[Data provided]

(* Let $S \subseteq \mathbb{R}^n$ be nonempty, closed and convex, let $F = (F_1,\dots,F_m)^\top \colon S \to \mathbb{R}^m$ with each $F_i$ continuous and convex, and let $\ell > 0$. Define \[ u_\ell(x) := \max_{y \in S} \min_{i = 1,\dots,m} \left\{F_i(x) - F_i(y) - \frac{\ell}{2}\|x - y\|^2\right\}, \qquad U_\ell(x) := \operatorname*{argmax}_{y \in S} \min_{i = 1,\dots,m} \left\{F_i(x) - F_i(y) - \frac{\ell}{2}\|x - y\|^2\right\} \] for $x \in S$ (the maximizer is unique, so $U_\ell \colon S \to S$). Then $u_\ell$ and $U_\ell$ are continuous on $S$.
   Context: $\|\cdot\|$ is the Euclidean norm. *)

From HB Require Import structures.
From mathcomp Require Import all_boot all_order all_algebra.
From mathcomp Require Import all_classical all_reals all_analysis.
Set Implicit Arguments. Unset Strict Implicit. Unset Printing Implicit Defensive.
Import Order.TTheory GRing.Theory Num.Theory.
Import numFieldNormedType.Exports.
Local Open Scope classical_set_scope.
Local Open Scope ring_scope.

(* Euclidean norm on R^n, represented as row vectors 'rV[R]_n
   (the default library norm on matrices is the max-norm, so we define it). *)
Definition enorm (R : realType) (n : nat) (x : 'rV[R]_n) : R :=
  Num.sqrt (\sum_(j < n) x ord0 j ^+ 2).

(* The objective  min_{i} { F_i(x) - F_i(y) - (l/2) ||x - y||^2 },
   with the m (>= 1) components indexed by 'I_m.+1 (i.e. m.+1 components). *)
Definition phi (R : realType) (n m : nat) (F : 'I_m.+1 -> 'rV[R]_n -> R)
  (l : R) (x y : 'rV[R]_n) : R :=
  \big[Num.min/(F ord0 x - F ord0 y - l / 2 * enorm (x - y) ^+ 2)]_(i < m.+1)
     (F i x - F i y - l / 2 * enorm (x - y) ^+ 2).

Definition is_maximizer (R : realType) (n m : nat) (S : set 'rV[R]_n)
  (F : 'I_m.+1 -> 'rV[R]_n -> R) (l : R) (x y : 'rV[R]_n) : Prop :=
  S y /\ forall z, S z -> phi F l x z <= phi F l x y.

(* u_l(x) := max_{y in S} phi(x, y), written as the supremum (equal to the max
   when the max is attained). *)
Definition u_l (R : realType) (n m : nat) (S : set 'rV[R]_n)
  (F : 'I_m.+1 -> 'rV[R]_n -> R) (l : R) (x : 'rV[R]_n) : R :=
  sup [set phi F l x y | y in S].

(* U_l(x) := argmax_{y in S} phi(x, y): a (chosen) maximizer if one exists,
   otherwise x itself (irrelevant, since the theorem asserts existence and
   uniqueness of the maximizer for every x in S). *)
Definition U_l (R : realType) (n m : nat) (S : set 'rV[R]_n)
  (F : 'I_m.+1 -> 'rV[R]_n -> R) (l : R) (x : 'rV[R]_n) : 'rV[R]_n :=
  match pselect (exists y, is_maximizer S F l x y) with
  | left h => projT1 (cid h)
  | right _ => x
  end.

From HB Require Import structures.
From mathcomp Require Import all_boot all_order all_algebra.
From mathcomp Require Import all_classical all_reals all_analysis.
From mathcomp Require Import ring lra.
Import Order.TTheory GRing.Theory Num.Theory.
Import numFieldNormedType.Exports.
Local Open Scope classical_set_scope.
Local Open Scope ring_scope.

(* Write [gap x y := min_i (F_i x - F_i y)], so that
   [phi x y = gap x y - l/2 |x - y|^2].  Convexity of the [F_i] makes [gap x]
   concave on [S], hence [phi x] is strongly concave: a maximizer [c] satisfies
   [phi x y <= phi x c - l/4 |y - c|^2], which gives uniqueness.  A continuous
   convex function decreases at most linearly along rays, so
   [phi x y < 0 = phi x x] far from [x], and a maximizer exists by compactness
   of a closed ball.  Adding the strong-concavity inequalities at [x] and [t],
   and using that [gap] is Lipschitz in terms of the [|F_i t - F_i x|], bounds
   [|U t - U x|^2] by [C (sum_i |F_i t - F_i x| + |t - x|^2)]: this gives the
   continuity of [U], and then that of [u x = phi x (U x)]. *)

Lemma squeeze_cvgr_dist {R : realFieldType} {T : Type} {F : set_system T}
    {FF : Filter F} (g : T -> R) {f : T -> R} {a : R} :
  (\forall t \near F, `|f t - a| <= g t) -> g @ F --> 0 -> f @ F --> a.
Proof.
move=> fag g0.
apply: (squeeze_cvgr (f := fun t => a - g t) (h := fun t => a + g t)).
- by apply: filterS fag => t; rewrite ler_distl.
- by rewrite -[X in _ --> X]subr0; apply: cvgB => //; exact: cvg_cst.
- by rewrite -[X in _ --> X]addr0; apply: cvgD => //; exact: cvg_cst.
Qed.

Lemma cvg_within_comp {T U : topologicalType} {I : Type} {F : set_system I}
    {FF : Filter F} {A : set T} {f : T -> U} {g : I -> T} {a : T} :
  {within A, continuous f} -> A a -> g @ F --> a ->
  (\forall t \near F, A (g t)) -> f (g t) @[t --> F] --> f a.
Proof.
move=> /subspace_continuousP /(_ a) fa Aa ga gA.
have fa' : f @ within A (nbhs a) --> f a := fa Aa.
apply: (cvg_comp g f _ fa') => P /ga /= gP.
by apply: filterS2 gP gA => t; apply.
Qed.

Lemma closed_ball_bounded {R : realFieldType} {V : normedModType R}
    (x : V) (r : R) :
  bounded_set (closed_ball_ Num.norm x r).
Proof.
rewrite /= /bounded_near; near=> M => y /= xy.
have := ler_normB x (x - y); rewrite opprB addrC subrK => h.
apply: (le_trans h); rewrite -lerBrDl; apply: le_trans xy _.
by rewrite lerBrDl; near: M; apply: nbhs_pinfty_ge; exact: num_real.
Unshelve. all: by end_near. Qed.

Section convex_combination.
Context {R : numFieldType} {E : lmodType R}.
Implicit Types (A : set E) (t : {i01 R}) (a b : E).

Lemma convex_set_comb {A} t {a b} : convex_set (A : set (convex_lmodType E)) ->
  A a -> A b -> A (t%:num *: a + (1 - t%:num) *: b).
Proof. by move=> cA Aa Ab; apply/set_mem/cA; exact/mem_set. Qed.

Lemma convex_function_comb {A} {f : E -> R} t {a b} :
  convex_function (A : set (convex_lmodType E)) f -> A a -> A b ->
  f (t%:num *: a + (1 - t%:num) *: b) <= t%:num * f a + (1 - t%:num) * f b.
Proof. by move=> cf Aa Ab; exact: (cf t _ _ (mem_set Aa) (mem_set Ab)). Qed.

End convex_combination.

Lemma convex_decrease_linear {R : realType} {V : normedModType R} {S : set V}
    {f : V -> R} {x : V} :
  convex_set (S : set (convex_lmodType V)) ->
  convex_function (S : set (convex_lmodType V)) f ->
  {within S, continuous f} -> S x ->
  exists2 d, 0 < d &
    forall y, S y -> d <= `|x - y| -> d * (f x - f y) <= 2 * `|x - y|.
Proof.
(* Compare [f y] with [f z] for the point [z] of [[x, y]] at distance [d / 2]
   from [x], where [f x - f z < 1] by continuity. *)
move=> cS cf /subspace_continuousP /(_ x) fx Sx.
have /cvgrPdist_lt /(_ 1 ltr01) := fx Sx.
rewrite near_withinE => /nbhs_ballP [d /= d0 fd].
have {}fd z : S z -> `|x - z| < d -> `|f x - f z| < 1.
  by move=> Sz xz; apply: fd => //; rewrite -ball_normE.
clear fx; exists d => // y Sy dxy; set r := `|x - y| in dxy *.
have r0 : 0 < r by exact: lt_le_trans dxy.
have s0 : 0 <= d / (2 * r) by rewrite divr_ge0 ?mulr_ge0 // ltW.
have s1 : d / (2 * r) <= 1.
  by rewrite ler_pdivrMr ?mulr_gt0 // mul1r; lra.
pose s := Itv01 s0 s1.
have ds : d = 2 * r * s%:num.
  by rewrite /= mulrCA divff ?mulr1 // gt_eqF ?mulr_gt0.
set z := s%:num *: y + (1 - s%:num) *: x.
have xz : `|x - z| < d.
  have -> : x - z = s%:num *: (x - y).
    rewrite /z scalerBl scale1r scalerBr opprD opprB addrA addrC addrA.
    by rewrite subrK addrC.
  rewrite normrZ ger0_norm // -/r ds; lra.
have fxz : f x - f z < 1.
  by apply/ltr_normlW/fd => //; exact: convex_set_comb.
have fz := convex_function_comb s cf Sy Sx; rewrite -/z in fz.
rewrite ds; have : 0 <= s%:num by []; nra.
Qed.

[/Data provided]
[Data provided]

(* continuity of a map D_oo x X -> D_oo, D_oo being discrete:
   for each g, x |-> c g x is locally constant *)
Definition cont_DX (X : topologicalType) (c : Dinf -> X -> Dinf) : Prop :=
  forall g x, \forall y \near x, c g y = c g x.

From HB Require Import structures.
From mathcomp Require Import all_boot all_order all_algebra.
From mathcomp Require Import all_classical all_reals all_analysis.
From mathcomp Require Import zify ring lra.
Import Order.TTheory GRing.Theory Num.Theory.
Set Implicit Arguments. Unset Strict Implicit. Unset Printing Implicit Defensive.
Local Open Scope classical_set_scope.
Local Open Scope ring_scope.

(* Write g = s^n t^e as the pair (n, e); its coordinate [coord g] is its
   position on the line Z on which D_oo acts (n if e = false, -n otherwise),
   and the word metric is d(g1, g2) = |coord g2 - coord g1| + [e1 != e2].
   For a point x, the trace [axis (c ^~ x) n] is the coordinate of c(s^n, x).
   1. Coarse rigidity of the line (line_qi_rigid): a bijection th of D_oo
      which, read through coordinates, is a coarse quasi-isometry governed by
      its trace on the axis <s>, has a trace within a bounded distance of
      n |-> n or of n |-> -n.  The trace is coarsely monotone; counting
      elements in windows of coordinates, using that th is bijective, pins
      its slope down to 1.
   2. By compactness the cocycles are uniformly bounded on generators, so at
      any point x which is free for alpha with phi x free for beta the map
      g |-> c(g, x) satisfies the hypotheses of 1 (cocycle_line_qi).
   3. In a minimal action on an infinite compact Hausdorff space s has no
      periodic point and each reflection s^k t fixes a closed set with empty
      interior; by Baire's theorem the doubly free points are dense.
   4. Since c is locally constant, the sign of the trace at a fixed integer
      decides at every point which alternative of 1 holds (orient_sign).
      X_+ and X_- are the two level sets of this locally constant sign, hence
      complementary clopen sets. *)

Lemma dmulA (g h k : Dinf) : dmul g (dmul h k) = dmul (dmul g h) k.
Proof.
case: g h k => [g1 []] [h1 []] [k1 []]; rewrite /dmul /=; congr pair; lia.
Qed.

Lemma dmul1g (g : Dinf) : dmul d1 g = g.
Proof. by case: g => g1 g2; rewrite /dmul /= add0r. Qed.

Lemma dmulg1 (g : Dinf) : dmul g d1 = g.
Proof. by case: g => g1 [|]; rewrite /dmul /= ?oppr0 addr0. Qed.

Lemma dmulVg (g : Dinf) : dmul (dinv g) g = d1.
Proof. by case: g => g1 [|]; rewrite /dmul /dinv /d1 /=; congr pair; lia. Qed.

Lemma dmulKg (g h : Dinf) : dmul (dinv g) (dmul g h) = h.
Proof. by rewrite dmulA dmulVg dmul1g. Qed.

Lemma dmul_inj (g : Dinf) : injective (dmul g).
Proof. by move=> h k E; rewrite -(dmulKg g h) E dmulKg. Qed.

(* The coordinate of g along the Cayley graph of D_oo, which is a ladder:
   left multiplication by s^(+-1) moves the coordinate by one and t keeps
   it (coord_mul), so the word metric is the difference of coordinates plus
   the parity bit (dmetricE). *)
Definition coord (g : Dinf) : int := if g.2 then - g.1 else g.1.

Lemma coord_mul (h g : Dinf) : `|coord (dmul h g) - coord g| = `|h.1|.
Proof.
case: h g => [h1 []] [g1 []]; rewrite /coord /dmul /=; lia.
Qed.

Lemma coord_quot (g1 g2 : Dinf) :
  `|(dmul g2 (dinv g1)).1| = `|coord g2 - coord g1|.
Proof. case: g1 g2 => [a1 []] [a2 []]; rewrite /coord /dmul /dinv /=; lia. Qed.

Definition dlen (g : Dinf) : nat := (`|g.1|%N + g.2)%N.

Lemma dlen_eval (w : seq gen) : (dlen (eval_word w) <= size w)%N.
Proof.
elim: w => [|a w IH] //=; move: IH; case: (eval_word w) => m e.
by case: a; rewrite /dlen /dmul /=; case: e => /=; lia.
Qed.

[/Data provided]
[Data provided]

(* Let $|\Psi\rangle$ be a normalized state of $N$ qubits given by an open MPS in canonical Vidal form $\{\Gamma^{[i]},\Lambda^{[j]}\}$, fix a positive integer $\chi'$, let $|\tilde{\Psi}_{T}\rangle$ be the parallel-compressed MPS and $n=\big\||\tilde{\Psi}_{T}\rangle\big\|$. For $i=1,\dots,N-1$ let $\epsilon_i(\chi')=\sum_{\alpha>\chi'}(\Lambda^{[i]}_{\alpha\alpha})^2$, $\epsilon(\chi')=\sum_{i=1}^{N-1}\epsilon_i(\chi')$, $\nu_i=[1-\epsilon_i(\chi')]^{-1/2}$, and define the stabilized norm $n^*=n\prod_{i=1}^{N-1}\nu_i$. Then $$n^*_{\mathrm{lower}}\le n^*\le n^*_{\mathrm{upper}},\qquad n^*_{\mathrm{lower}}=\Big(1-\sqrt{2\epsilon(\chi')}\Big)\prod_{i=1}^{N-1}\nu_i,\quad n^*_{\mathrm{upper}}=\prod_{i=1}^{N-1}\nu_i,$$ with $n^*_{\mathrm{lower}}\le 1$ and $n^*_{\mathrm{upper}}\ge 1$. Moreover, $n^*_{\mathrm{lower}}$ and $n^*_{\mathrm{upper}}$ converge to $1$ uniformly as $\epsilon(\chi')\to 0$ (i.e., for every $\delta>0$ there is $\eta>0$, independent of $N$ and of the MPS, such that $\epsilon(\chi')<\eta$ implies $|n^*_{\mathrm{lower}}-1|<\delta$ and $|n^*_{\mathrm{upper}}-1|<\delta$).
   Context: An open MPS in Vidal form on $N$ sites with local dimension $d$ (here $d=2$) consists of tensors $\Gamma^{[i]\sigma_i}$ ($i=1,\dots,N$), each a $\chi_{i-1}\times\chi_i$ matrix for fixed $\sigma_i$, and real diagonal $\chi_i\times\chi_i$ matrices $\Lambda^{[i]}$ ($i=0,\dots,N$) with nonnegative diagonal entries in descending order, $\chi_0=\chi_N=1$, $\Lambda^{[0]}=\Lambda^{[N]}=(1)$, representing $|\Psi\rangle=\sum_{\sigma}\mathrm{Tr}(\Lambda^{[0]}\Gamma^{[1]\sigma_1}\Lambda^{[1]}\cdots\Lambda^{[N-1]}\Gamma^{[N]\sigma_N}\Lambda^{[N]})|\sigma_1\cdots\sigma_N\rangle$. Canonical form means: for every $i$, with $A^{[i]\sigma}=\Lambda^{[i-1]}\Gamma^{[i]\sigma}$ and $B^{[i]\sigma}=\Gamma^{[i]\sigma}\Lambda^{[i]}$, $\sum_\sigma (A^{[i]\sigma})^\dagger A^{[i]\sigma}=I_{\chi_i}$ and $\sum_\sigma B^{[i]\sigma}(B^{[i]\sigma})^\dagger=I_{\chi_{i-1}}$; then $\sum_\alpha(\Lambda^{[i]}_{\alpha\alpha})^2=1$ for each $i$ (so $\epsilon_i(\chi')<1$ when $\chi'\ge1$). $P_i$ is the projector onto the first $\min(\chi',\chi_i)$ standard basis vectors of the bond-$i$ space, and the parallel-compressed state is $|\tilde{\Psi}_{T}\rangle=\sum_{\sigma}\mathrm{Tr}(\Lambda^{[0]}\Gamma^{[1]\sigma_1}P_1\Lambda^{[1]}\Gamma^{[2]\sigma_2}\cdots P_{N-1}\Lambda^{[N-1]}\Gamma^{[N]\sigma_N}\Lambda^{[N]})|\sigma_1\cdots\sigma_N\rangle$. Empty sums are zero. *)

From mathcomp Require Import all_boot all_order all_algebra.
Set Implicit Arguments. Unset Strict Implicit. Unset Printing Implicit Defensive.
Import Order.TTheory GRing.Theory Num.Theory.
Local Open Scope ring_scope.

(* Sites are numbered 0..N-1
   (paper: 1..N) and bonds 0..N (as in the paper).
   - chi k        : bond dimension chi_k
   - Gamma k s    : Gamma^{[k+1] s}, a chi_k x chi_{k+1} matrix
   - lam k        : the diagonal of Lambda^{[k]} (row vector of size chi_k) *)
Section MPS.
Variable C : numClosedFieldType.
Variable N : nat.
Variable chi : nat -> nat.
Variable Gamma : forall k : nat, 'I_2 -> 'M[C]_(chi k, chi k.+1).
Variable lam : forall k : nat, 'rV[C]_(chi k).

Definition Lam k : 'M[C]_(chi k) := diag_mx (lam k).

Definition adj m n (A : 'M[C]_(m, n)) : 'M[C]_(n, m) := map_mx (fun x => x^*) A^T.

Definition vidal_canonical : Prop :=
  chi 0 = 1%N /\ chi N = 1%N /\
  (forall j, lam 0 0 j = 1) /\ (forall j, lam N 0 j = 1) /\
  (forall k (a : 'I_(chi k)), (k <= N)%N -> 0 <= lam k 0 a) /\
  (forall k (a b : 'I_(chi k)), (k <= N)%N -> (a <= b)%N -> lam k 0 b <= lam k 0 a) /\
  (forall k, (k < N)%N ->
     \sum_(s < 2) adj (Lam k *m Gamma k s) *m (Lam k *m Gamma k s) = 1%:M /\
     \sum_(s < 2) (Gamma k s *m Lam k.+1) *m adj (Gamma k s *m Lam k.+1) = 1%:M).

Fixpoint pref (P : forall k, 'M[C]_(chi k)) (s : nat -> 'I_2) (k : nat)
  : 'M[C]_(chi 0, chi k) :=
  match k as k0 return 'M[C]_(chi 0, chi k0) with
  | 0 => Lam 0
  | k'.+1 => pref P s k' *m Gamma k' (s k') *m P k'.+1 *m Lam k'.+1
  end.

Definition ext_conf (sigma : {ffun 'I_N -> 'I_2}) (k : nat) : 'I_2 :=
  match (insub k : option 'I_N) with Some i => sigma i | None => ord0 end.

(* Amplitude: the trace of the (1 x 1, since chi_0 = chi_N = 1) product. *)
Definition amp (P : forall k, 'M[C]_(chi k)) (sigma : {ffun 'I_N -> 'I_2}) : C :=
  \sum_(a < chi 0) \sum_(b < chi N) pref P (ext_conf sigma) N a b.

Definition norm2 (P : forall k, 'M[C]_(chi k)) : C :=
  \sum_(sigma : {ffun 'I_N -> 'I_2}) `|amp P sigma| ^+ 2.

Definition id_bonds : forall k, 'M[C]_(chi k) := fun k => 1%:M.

[/Data provided]

[Work to be completed]: Using the data above, transcribe the lines that run from the line with "by rewrite lerBrDl;" to the line with "Proof. by move=> cA", both ends kept, and output nothing else.

[Solution for this task]:
by rewrite lerBrDl; near: M; apply: nbhs_pinfty_ge; exact: num_real.
Unshelve. all: by end_near. Qed.

Section convex_combination.
Context {R : numFieldType} {E : lmodType R}.
Implicit Types (A : set E) (t : {i01 R}) (a b : E).

Lemma convex_set_comb {A} t {a b} : convex_set (A : set (convex_lmodType E)) ->
  A a -> A b -> A (t%:num *: a + (1 - t%:num) *: b).
Proof. by move=> cA Aa Ab; apply/set_mem/cA; exact/mem_set. Qed.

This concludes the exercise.